Originally Posted by magpie9
Her husband does not speak to her, or treat her as an equal, and his only real interest in her is in her fertility. He blames her for not conceiving; she wonders if he is the one who cannot make a child.
She is lonely, and aimlessly wanders into the closed off or unused rooms of this huge house. In this one the candles are lit and the picture shows her the future she fears emotionally alone and sad. Perhaps blaming herself for not having resisted this marriage that brings profit to her family and misery to herself. There is a statue of a Knight on the table next to her. Will she notice it? Will it remind her of men her own age and class, will it tempt her to find someone who will give her the love and attention she misses so much?
That's a pretty elaborate story, and if that's what you see, it's what you see...but I don't think it fits the picture, or relates to the Queen/Pents as we know her. You might want to take a look at the "Queens" thread we started. There an interesting point there that while this thread focuses on marriage and Mary the prostitute, there is much to be said about the tasteful and elaborate decor of the room and the Queen's outfit--which I think tells us far more than things that don't appear in the picture.

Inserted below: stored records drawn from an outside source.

(* Let $F=K_{a_1,\ldots,a_r}$ be an almost balanced complete $r$-partite graph with $r\ge 2$ and $a_1\ge\cdots\ge a_r\ge 1$, let $\ell=a_1+\cdots+a_r$, and let $m=m_{r,\ell}$. Then \[ \binom{\ell}{2}>m\sum_{k=1}^{r}\binom{a_k}{2}. \]
   Context: $K_{a_1,\ldots,a_r}$ is the complete $r$-partite graph with part sizes $a_1,\ldots,a_r$; it is almost balanced if it is not a complete graph (so $\ell\ge r+1$) and $\binom{a_1-a_r}{2}<a_r$. $m_{r,\ell}$ is the unique integer $k\ge r$ maximizing $f(k)=\frac{(k-1)(k-2)\cdots(k-r+1)}{k^{\ell-1}}$ over all integers $k\ge r$. *)

From mathcomp Require Import all_boot all_order all_algebra.
Set Implicit Arguments. Unset Strict Implicit. Unset Printing Implicit Defensive.
Import Order.TTheory GRing.Theory Num.Theory.

(* Part sizes are given as a : nat -> nat, with a_1, ..., a_r = a 1, ..., a r. *)

Definition ell_sum (r : nat) (a : nat -> nat) : nat := \sum_(1 <= i < r.+1) a i.

(* K_{a_1,...,a_r} is almost balanced: not a complete graph (l >= r+1)
   and binom(a_1 - a_r, 2) < a_r. *)
Definition almost_balanced (r : nat) (a : nat -> nat) : Prop :=
  (r + 1 <= ell_sum r a)%N /\ ('C(a 1 - a r, 2) < a r)%N.

Definition fmr (r l k : nat) : rat :=
  ((\prod_(1 <= i < r) (k - i)%:R) / (k%:R ^+ (l - 1)))%R.

(* k is an integer >= r maximizing f over all integers >= r
   (the paper's m_{r,l} is the unique such k). *)
Definition is_m_rl (r l k : nat) : Prop :=
  (r <= k)%N /\ forall j : nat, (r <= j)%N -> (fmr r l j <= fmr r l k)%R.

Definition sum_binom2 (r : nat) (a : nat -> nat) : nat :=
  \sum_(1 <= k < r.+1) 'C(a k, 2).

From Stdlib Require Import ZArith Lia.
From mathcomp Require Import all_boot all_order all_algebra zify.
Import GRing.Theory Num.Theory.
Set Implicit Arguments. Unset Strict Implicit. Unset Printing Implicit Defensive.

(* Write b = a_r, d = a_1 - a_r and x_i = a_i - b, so 0 <= x_i <= d, and put
   X = sum x_i, W = sum x_i^2.  Then l = r b + X, 2 sum C(a_i,2) = sum a_i^2 - l, and
   D := r sum a_i^2 - l^2 = r W - X^2 <= X (r d - X).  Almost balancedness,
   d (d - 1) <= 2 (b - 1), bounds this spread by (r - 1)(l - r), and a refinement of
   that estimate gives a polynomial inequality for D.
   Maximality of m gives f(m - 1) <= f(m), i.e. (m - r) m^(l-1) <= (m - 1)^l; expanding
   m^l = ((m - 1) + 1)^l to three terms turns this into Q(m - 1) <= 0 for an explicit
   convex quadratic Q with Q(0) <= 0.  The inequality for D says precisely that Q is
   positive at C(l,2) / sum C(a_i,2) - 1, which forces m < C(l,2) / sum C(a_i,2). *)

Section IntegerBounds.
Local Open Scope Z_scope.

Lemma mul_sub_le_of_ratio (p q l Y K : Z) :
  0 < q -> 0 <= l < Y -> q * Y <= p * l -> p * (p - q) <= q * q * K ->
  Y * (Y - l) <= l * l * K.
Proof.
move=> q_gt0 [l_ge0 l_lt_Y] qY_le pq_le.
have le1 : q * Y * (q * Y - q * l) <= p * l * (q * Y - q * l).
  by apply: Z.mul_le_mono_nonneg_r; nia.
have le2 : p * l * (q * Y - q * l) <= p * l * (p * l - q * l).
  by apply: Z.mul_le_mono_nonneg_l; nia.
have le3 : l * l * (p * (p - q)) <= l * l * (q * q * K) by apply: Z.mul_le_mono_nonneg_l; nia.
by apply/(Z.mul_le_mono_pos_l _ _ (q * q)); nia.
Qed.

Section Spread.
Variables r b d X : Z.
Hypotheses (r_ge2 : 2 <= r) (b_ge1 : 1 <= b) (d_ge0 : 0 <= d) (X_ge0 : 0 <= X).
Hypothesis balanced : d * (d - 1) <= 2 * (b - 1).

(* [Y] bounds D = r W - X^2 from above; [K] is the slack in [Y <= (r - 1)(l - r)]. *)
Local Notation l := (r * b + X).
Local Notation Y := (X * (r * d - X)).
Local Notation K := ((r - 1) * (l - r) - Y).

(* Complete the square in X; the remainder is controlled by [balanced]. *)
Lemma four_slack_ge :
  (2 * X - r * d + r - 1) ^ 2 + r * (r - 2) * (d * d - 1) - 1 <= 4 * K.
Proof.
have : r * (r - 1) * (d * (d - 1)) <= r * (r - 1) * (2 * (b - 1)).
  by apply: Z.mul_le_mono_nonneg_l; nia.
nia.
Qed.

Lemma slack_ge0 : 0 <= K.
Proof.
have [->|d_neq0] := Z.eq_dec d 0.
  have : 0 <= (r - 1) * (r * (b - 1) + X) by apply: Z.mul_nonneg_nonneg; nia.
  nia.
have := four_slack_ge.
have : 0 <= r * (r - 2) * (d * d - 1) by apply: Z.mul_nonneg_nonneg; nia.
nia.
Qed.

Lemma slack_ge_d_eq1 : d = 1 -> X * (X - 1) <= K.
Proof. by move=> d1; have := four_slack_ge; rewrite d1; nia. Qed.

Lemma slack_ge_d_ge2 : 2 <= d -> 3 * r * (r - 2) - 1 <= 4 * K.
Proof.
move=> d_ge2; have := four_slack_ge.
have : 0 <= (2 * X - r * d + r - 1) ^ 2 by nia.
have : r * (r - 2) * 3 <= r * (r - 2) * (d * d - 1) by apply: Z.mul_le_mono_nonneg_l; nia.
lia.
Qed.

Lemma spread_le_r_eq2 : r = 2 -> Y <= l.
Proof. by move=> r2; rewrite r2; have := Z.square_nonneg (2 * d - 1 - 2 * X); nia. Qed.

Lemma spread_le_d_ge2 : 2 <= d -> 7 * Y <= 4 * r * l.
Proof.
move=> d_ge2; have := Z.square_nonneg (r * d - 2 * X); have := Z.square_nonneg (d - 4).
have : r * r * (d * (d - 1)) <= r * r * (2 * (b - 1)) by apply: Z.mul_le_mono_nonneg_l; nia.
nia.
Qed.

Lemma spread_sq_le : 0 <= Y -> Y * Y + l * (l - 1) * Y <= l * l * ((r - 1) * (l - r)).
Proof.
move=> Y_ge0; suff : Y * (Y - l) <= l * l * K by lia.
have K_ge0 := slack_ge0; have l_ge0 : 0 <= l by nia.
have [Y_le_l|l_lt_Y] := Z.le_gt_cases Y l.
  have : 0 <= Y * (l - Y) by apply: Z.mul_nonneg_nonneg; lia.
  have : 0 <= l * l * K by apply: Z.mul_nonneg_nonneg; nia.
  lia.
have [d0|d_neq0] := Z.eq_dec d 0; first by rewrite d0 in l_lt_Y; nia.
have [d1|d_neq1] := Z.eq_dec d 1.
  apply: (@mul_sub_le_of_ratio X 1); try lia.
    by rewrite d1 Z.mul_1_l; apply: Z.mul_le_mono_nonneg_l; nia.
  by have := slack_ge_d_eq1 d1; lia.
have [r2|r_neq2] := Z.eq_dec r 2; first by have := spread_le_r_eq2 r2; lia.
apply: (@mul_sub_le_of_ratio (4 * r) 7); try lia.
  by have := spread_le_d_ge2 ltac:(lia); lia.
by have := slack_ge_d_ge2 ltac:(lia); nia.
Qed.

Variable W : Z.
Hypothesis W_bounds : 0 <= W <= d * X.
Local Notation D := (r * W - X * X).

Lemma deviation_le_spread : D <= Y.
Proof.
have : r * W <= r * (d * X) by apply: Z.mul_le_mono_nonneg_l; lia.
nia.
Qed.

Lemma deviation_le : D <= (r - 1) * (l - r).
Proof. by have := deviation_le_spread; have := slack_ge0; lia. Qed.

Lemma deviation_poly_lt :
  r + 1 <= l -> D * l * l * (l - 1) + D * D * (l - 2) < l * l * l * ((r - 1) * (l - r)).
Proof.
move=> l_gt_r.
have rhs_gt0 : 0 < l * l * l * ((r - 1) * (l - r)).
  by apply: Z.mul_pos_pos; [nia | apply: Z.mul_pos_pos; lia].
have [D_le0|D_gt0] := Z.le_gt_cases D 0.
  have D_ge : - (l * l) <= D by nia.
  have : - (l * l) * (l - 2) <= D * (l - 2) by apply: Z.mul_le_mono_nonneg_r; lia.
  have : D * (l * l * (l - 1) + D * (l - 2)) <= 0 by apply: Z.mul_nonpos_nonneg; nia.
  lia.
have D_le_Y := deviation_le_spread.
have Y_sq_le := spread_sq_le ltac:(lia).
have D_sq_le : D * D + l * (l - 1) * D <= Y * Y + l * (l - 1) * Y.
  have ll_ge0 : 0 <= l * (l - 1) by apply: Z.mul_nonneg_nonneg; lia.
  have : 0 <= (Y - D) * (Y + D + l * (l - 1)) by apply: Z.mul_nonneg_nonneg; lia.
  lia.
have : l * (D * D + l * (l - 1) * D) <= l * (l * l * ((r - 1) * (l - r))).
  by apply: Z.mul_le_mono_nonneg_l; lia.
have : 0 < D * D by apply: Z.mul_pos_pos.
lia.
Qed.
End Spread.

Section Maximizer.
Variables r l s : Z.
Hypotheses (r_ge2 : 2 <= r) (l_gt_r : r + 1 <= l) (s_ge0 : 0 <= s).

Local Notation D := (r * (s + l) - l * l).
Local Notation c := (l * (l - 1)).
Hypothesis D_le : D <= (r - 1) * (l - r).
Hypothesis D_poly_lt :
  D * l * l * (l - 1) + D * D * (l - 2) < l * l * l * ((r - 1) * (l - r)).

Lemma mul_lt_bin2_eq_r : r * s < c.
Proof.
have : 0 < (r - 1) * r by apply: Z.mul_pos_pos; lia.
nia.
Qed.

(* The hypothesis says Q(m - 1) <= 0 for Q(t) = 2(l - r) t^2 + B t - (r - 1) c, while
   [D_poly_lt] says Q(c/s - 1) > 0; since Q(t)/t is increasing, m - 1 < c/s - 1.
   The argument is run with Q homogenised by s, at t0 = c - s and t = (m - 1) s. *)
Lemma mul_lt_bin2_gt_r (m : Z) : r < m ->
  m * (2 * l * (m - 1) + c) <= r * (2 * (m - 1) * (m - 1) + 2 * l * (m - 1) + c) ->
  m * s < c.
Proof.
move=> m_gt_r bin; apply/Z.nle_gt => c_le.
pose B := 2 * l + c - 2 * r * l.
pose Q t := 2 * (l - r) * t * t + B * s * t - (r - 1) * c * s * s.
pose t0 := c - s; pose t := (m - 1) * s.
have P_lt : s + l < l * l.
  have : 0 < (r - 1) * (l * l - l + r) by apply: Z.mul_pos_pos; nia.
  nia.
have t0_gt0 : 0 < t0 by rewrite /t0; lia.
have t0_le : t0 <= t by rewrite /t0 /t; lia.
have Qt_le0 : Q t <= 0.
  have -> : Q t = s * s * (2 * (l - r) * (m - 1) * (m - 1) + B * (m - 1) - (r - 1) * c).
    by rewrite /Q /t; ring.
  apply: Z.mul_nonneg_nonpos; first exact: Z.square_nonneg.
  by rewrite /B; lia.
have Qt0_gt0 : 0 < Q t0.
  have E : r * Q t0 = (l - 1) * (l * l * l * ((r - 1) * (l - r))
                                  - (D * l * l * (l - 1) + D * D * (l - 2))).
    by rewrite /Q /t0 /B; ring.
  by rewrite -(Z.mul_pos_cancel_l r) ?E; first apply: Z.mul_pos_pos; lia.
have convex : t0 * Q t - t * Q t0 = (t - t0) * (2 * (l - r) * t * t0 + (r - 1) * c * s * s).
  by rewrite /Q; ring.
have : 0 <= (t - t0) * (2 * (l - r) * t * t0 + (r - 1) * c * s * s).
  apply: Z.mul_nonneg_nonneg; first lia.
  have : 0 <= 2 * (l - r) * t * t0 by do 2?apply: Z.mul_nonneg_nonneg; lia.
  have : 0 <= (r - 1) * c * s * s by do 4?apply: Z.mul_nonneg_nonneg; lia.
  lia.
have : 0 < t * Q t0 by apply: Z.mul_pos_pos; lia.
have : t0 * Q t <= 0 by apply: Z.mul_nonneg_nonpos; lia.
lia.
Qed.
End Maximizer.

Lemma mul_lt_bin2 (r b d X W l s m : Z) :
  2 <= r -> 1 <= b -> 0 <= d -> d * (d - 1) <= 2 * (b - 1) -> 0 <= X -> 0 <= W <= d * X ->
  l = r * b + X -> r + 1 <= l -> s + l = r * b * b + 2 * b * X + W -> r <= m ->
  (r < m -> m * (2 * l * (m - 1) + l * (l - 1)) <=
            r * (2 * (m - 1) * (m - 1) + 2 * l * (m - 1) + l * (l - 1))) ->
  m * s < l * (l - 1).
Proof.
move=> r_ge2 b_ge1 d_ge0 bal X_ge0 W_bounds l_def l_gt s_def m_ge bin.
have D_eq : r * (s + l) - l * l = r * W - X * X by rewrite s_def l_def; ring.
have D_le := deviation_le r_ge2 b_ge1 d_ge0 X_ge0 bal W_bounds.
have D_poly_lt := deviation_poly_lt r_ge2 b_ge1 d_ge0 X_ge0 bal W_bounds ltac:(lia).
rewrite -l_def -D_eq in D_le D_poly_lt; have s_ge0 : 0 <= s by nia.
have [<-|m_neq] := Z.eq_dec r m; first exact: mul_lt_bin2_eq_r r_ge2 l_gt s_ge0 D_le.
have m_gt : r < m by lia.
exact: (mul_lt_bin2_gt_r r_ge2 l_gt s_ge0 D_le D_poly_lt m_gt (bin m_gt)).
Qed.
End IntegerBounds.

Lemma mul2_bin2_add n : 2 * 'C(n, 2) + n = n * n.
Proof. by rewrite -mul_bin_diag bin1; case: n => // n; rewrite mulnSr. Qed.

Lemma nonincreasing_bounds (r : nat) (a : nat -> nat) :
  (forall i, 1 <= i -> i < r -> a i.+1 <= a i) ->
  forall i, 1 <= i <= r -> a r <= a i <= a 1.
Proof.
move=> a_step.
have a_homo : {in [pred i | 1 <= i <= r] &, {homo a : i j / i <= j >-> j <= i}}.
  apply: homo_leq_in => [//|y x z yx zy|i j /andP[i_ge1 _] /andP[_ j_le] k|].
  - exact: leq_trans zy yx.
  - by rewrite inE; lia.
  - by move=> i /andP[i_ge1 _] /andP[_ i_lt]; apply: a_step.
by move=> i i_range; rewrite !a_homo ?inE //; lia.
Qed.

Lemma sum_const_add (m n b : nat) (x : nat -> nat) :
  \sum_(m <= i < n) (b + x i) = (n - m) * b + \sum_(m <= i < n) x i.
Proof. by rewrite big_split sum_nat_const_nat mulnC. Qed.

Lemma sum_sq_const_add (m n b : nat) (x : nat -> nat) :
  \sum_(m <= i < n) (b + x i) * (b + x i) =
  (n - m) * b * b + 2 * b * \sum_(m <= i < n) x i + \sum_(m <= i < n) x i * x i.
Proof.
rewrite (eq_bigr (fun i => b * b + 2 * b * x i + x i * x i)) => [|i _]; last by nia.
by rewrite !big_split /= sum_nat_const_nat -big_distrr /= mulnA.
Qed.

Lemma mul2_sum_bin2_add (m n : nat) (F : nat -> nat) :
  2 * \sum_(m <= i < n) 'C(F i, 2) + \sum_(m <= i < n) F i = \sum_(m <= i < n) F i * F i.
Proof. by rewrite big_distrr -big_split; apply: eq_bigr => i _; rewrite /= mul2_bin2_add. Qed.

Lemma sum_sq_le (m n d : nat) (x : nat -> nat) :
  (forall i, m <= i < n -> x i <= d) ->
  \sum_(m <= i < n) x i * x i <= d * \sum_(m <= i < n) x i.
Proof.
move=> x_le; rewrite big_distrr big_nat_cond [leqRHS]big_nat_cond /=.
by apply: leq_sum => i /andP[i_range _]; rewrite leq_mul2r x_le ?orbT.
Qed.

Lemma pow_le_of_fmr_le_succ (r l j : nat) : 2 <= r -> r <= j ->
  (fmr r l j <= fmr r l j.+1)%R -> (j.+1 - r) * j.+1 ^ (l - 1) <= j * j ^ (l - 1).
Proof.
case: r => [|[|s]] // _ j_ge; pose Q := \prod_(1 <= i < s.+1) (j - i).
have prod_j : \prod_(1 <= i < s.+2) (j - i) = Q * (j - s.+1) by rewrite big_nat_recr.
have prod_jS : \prod_(1 <= i < s.+2) (j.+1 - i) = j * Q.
  by rewrite big_ltn // big_add1 subn1; under eq_bigr do rewrite subSS.
have Q_gt0 : 0 < Q by rewrite /Q big_nat_cond prodn_cond_gt0 // => i /andP[/andP[_ ?] _]; lia.
rewrite /fmr -!natr_prod prod_j prod_jS ler_pdivrMr ?exprn_gt0 ?ltr0n //; last lia.
rewrite mulrAC ler_pdivlMr ?exprn_gt0 ?ltr0n // -!natrX -!natrM ler_nat subSS.
by rewrite [j * Q]mulnC -!mulnA leq_pmul2l.
Qed.

Lemma expS_ge_three_terms (j l : nat) : 2 <= l ->
  (j * j + l * j + 'C(l, 2)) * j ^ (l - 2) <= j.+1 ^ l.
Proof.
case: l => [|[|n]] // _; rewrite !subSS subn0.
elim: n => [|n IHn]; first by rewrite bin2 /=; lia.
rewrite [j.+1 ^ _]expnS binS bin1 expnS.
by apply: leq_trans (leq_mul (leqnn j.+1) IHn); move: (j ^ n) ('C(n.+2, 2)) => p c; nia.
Qed.

Lemma binomial_le_of_fmr_le_succ (r l j : nat) : 2 <= r -> r <= j -> 2 <= l ->
  (fmr r l j <= fmr r l j.+1)%R ->
  j.+1 * (l * j + 'C(l, 2)) <= r * (j * j + l * j + 'C(l, 2)).
Proof.
move=> r_ge2 j_ge l_ge2 /(pow_le_of_fmr_le_succ r_ge2 j_ge) step.
have low := expS_ge_three_terms j l_ge2.
have p_gt0 : 0 < j ^ (l - 2) by rewrite expn_gt0; lia.
have powS : j.+1 ^ l = j.+1 * j.+1 ^ (l - 1) by rewrite -expnS; congr (_ ^ _); lia.
have pow : j ^ (l - 1) = j * j ^ (l - 2) by rewrite -expnS; congr (_ ^ _); lia.
move: step low; rewrite powS pow; move: (j.+1 ^ (l - 1)) (j ^ (l - 2)) p_gt0 => A p p_gt0 step low.
set T := j * j + l * j + 'C(l, 2) in low *.
have : (j.+1 - r) * T * p <= j.+1 * (j * j) * p.
  rewrite -mulnA; apply: leq_trans (leq_mul (leqnn _) low) _.
  by rewrite mulnCA; apply: leq_trans (leq_mul (leqnn _) step) _; rewrite !mulnA.
by rewrite leq_pmul2r //; nia.
Qed.

Theorem lemma5p2 (r : nat) (a : nat -> nat) (m : nat) :
  (2 <= r)%N ->
  (forall i : nat, (1 <= i)%N -> (i < r)%N -> (a i.+1 <= a i)%N) ->
  (1 <= a r)%N ->
  almost_balanced r a ->
  is_m_rl r (ell_sum r a) m ->
  (m * sum_binom2 r a < 'C(ell_sum r a, 2))%N.
Proof.
move=> r_ge2 a_step ar_ge1 [l_gt_r balanced] [m_ge_r m_max].
set l := ell_sum r a in l_gt_r m_max *; set S := sum_binom2 r a.
set b := a r in ar_ge1 balanced *; set d := a 1 - b in balanced *.
pose x i := a i - b.
set X := \sum_(1 <= i < r.+1) x i; set W := \sum_(1 <= i < r.+1) x i * x i.
have a_bounds := nonincreasing_bounds a_step.
have a_eq i : 1 <= i < r.+1 -> a i = b + x i by move=> /a_bounds; rewrite /x; lia.
have l_eq : l = r * b + X by rewrite /l /ell_sum (eq_big_nat _ _ a_eq) sum_const_add subn1.
have sq_eq : \sum_(1 <= i < r.+1) a i * a i = \sum_(1 <= i < r.+1) (b + x i) * (b + x i).
  by apply: eq_big_nat => i /a_eq ->.
have S_eq : 2 * S + l = r * b * b + 2 * b * X + W.
  by rewrite /S /l mul2_sum_bin2_add sq_eq sum_sq_const_add subn1.
have W_le : W <= d * X by apply: sum_sq_le => i /a_bounds; rewrite /x; lia.
have d_bin2 := mul2_bin2_add d; have l_bin2 := mul2_bin2_add l.
case: m m_ge_r m_max => [|j] m_ge_r m_max; first lia.
have bin : r < j.+1 -> j.+1 * (l * j + 'C(l, 2)) <= r * (j * j + l * j + 'C(l, 2)).
  by move=> j_ge; apply: binomial_le_of_fmr_le_succ; [| | |apply: m_max]; lia.
have := @mul_lt_bin2 (Z.of_nat r) (Z.of_nat b) (Z.of_nat d) (Z.of_nat X) (Z.of_nat W)
  (Z.of_nat l) (Z.of_nat (2 * S)) (Z.of_nat j.+1).
lia.
Qed.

What we see would indicate to me that we are very much underestimating her as the Queen/Pents if we cast her in a story which puts her entirely at the mercy of her husband (who is where? what evidence do we have of him being...anything? Even alive?). To my mind, this card isn't at all like some other cards in the deck where there is a threatening male in foreground or background to help us formulate this woman's story as sad and victimized.

To the contary, from the evidence that I *see* in this card, this is a very confident, elegant, and generally satisfied woman. A Queen in her castle, and for the Queen/Pents that is a most beautiful and domestic home. The only story we have beyond the richness and taste of her furnishings and clothes is the picture of Mary that she clearly dislikes. Again, that picture isn't about marriage or children or romance of any kind. She's not looking at a picture of cupid or happy lovers or a wife with husband and kids, is she?

What that picture of Mary M. is about, ultimately, is a woman giving up pleasures and wealth to be spiritual. I think what bothers this woman is that the painting uncomfortably reminds her that being rich, tasteful, surrounded by beautiful things, and admired does not mean she's going to get to heaven. In fact, given the evidence, she could well have it all. The perfect (to her) husband with money, good looks; beautiful children who are seen but not heard, the admiration of neighbors and friends. She could be the Queen of Society, dictating who is in and who is out, the richest woman in the neighborhood. There could be not one thing in her life that she is not satisfied with.

And yet she knows that unlike Mary M. she does not and never will be willing to surrender it all in order to be on the side of light rather than darkness.